[Dataset excerpts]
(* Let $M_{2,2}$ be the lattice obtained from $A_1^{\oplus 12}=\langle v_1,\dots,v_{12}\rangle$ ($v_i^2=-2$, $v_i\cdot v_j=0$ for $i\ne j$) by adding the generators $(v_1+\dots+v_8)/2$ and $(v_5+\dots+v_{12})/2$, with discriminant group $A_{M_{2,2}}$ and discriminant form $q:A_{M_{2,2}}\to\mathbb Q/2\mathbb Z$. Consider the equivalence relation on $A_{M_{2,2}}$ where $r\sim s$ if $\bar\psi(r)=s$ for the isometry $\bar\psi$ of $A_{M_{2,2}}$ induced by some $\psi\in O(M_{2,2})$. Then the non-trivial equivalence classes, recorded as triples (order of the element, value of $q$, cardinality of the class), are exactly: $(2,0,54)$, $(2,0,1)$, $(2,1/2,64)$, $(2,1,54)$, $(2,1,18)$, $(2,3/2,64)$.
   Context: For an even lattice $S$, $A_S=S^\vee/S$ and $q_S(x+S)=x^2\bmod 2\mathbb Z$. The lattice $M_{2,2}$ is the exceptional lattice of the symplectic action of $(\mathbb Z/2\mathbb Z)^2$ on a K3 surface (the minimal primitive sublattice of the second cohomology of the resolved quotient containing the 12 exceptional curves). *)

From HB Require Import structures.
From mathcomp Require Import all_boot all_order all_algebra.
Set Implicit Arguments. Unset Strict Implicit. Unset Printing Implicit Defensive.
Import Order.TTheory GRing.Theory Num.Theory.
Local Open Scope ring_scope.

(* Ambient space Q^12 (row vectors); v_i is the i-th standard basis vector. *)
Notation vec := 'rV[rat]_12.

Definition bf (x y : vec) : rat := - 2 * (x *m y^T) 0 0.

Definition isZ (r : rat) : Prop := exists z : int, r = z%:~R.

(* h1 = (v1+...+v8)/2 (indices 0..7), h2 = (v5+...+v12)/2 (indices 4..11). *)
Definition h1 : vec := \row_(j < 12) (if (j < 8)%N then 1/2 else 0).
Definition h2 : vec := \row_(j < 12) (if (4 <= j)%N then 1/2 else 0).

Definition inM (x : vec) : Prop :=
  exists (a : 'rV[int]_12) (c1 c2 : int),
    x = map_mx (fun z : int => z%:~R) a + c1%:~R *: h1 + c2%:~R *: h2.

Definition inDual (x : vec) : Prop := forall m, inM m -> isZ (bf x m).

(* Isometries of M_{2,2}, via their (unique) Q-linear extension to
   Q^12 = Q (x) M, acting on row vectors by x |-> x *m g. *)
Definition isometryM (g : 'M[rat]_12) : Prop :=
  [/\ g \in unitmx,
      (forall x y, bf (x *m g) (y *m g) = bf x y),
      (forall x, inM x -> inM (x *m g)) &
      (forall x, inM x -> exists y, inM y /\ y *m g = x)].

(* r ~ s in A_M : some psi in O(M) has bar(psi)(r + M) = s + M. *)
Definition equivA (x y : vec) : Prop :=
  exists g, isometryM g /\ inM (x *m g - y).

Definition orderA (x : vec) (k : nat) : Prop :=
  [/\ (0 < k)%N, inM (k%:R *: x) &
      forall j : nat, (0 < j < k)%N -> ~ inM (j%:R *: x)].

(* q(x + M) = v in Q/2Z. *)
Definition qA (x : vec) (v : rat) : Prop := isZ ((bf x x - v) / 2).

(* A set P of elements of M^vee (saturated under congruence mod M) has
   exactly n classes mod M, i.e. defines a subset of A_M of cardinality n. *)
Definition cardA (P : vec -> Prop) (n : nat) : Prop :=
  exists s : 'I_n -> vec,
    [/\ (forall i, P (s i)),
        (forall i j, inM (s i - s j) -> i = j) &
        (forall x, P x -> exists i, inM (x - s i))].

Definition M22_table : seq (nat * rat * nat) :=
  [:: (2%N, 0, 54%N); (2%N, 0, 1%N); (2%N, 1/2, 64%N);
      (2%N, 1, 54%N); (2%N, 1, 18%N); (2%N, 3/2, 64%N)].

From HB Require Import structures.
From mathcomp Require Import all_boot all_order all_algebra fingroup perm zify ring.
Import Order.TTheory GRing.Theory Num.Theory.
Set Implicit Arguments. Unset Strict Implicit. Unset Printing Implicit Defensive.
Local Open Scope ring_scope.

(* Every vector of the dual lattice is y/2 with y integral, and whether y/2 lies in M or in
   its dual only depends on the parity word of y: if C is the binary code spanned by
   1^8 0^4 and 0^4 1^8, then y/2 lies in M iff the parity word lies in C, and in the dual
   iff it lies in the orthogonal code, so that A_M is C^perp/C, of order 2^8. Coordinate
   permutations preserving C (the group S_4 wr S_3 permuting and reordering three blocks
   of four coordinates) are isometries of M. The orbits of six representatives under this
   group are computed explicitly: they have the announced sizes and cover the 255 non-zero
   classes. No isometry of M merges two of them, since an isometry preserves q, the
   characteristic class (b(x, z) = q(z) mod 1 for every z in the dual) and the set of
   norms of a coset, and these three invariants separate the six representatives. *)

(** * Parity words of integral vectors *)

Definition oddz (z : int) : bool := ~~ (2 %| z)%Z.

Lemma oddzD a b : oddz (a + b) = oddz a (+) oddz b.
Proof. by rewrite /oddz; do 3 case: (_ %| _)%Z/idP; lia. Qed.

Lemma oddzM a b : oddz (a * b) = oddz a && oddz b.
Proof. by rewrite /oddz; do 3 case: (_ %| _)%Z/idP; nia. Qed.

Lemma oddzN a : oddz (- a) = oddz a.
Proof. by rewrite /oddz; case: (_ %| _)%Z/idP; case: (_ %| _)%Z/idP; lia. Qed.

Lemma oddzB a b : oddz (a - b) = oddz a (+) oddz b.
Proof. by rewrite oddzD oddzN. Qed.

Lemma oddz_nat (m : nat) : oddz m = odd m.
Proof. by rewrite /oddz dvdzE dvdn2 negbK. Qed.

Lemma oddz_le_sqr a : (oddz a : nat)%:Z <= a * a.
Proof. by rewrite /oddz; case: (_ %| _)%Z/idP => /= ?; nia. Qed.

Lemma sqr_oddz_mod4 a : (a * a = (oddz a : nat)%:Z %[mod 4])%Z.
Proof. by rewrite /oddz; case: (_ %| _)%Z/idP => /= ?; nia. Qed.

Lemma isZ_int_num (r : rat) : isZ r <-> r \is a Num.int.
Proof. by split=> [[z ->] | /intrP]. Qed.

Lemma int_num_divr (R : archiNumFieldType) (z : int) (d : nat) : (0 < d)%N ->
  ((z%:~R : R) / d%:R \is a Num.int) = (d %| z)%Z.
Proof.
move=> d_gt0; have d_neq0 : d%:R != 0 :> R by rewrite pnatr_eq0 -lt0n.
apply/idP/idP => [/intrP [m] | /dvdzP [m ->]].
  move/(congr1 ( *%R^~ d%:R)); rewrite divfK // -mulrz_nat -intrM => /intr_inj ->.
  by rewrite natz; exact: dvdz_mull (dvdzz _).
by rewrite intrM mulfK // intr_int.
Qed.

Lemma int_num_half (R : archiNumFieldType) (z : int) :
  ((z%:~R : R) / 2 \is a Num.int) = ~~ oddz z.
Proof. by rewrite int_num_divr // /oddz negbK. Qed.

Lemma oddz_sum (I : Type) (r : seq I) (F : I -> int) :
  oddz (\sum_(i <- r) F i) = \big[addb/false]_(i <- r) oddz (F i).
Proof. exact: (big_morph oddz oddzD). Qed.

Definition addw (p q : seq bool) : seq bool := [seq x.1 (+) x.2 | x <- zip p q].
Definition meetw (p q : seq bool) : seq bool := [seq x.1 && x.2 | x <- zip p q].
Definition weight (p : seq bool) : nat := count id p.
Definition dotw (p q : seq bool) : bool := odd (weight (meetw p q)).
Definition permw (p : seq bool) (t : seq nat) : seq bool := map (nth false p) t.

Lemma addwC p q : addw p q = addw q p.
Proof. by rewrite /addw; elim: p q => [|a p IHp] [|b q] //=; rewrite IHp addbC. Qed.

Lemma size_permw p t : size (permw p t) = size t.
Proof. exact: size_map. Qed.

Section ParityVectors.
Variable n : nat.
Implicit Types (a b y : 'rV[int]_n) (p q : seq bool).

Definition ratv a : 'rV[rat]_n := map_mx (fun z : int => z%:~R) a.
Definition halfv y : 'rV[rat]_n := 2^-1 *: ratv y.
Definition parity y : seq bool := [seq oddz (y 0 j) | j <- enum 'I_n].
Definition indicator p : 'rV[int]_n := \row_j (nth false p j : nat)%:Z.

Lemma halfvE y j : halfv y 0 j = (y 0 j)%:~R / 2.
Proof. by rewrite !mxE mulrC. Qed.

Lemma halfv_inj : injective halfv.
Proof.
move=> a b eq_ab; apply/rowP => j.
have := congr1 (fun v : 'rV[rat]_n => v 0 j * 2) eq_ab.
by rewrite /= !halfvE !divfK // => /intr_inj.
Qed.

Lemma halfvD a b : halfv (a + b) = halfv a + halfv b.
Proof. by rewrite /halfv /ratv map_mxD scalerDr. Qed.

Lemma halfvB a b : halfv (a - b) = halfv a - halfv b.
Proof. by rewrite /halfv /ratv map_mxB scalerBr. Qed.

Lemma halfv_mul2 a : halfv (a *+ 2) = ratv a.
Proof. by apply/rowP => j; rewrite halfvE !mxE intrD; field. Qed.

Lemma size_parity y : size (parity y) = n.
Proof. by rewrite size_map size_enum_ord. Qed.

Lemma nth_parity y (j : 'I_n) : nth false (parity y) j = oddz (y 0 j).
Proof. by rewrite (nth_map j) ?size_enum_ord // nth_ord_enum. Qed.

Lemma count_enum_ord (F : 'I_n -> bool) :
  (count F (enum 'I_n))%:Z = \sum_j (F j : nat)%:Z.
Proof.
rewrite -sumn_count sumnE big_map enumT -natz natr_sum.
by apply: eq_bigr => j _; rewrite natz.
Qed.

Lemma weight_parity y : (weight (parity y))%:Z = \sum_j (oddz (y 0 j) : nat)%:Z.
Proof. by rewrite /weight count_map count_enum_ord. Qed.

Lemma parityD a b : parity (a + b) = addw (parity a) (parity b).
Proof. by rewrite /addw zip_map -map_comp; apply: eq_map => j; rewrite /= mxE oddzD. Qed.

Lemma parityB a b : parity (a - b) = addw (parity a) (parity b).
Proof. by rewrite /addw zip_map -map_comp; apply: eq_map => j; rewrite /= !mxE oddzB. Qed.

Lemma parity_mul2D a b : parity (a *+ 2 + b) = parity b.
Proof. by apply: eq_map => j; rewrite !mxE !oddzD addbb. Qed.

* _Prompt_
Here the output must be the lines above from the line with "Proof. by rewrite /halfv /ratv map_mxD" to the line with "Proof. by apply/rowP", both included, duplicated word for word and nothing else.

* _Task response_
Proof. by rewrite /halfv /ratv map_mxD scalerDr. Qed.

Lemma halfvB a b : halfv (a - b) = halfv a - halfv b.
Proof. by rewrite /halfv /ratv map_mxB scalerBr. Qed.

Lemma halfv_mul2 a : halfv (a *+ 2) = ratv a.
Proof. by apply/rowP => j; rewrite halfvE !mxE intrD; field. Qed.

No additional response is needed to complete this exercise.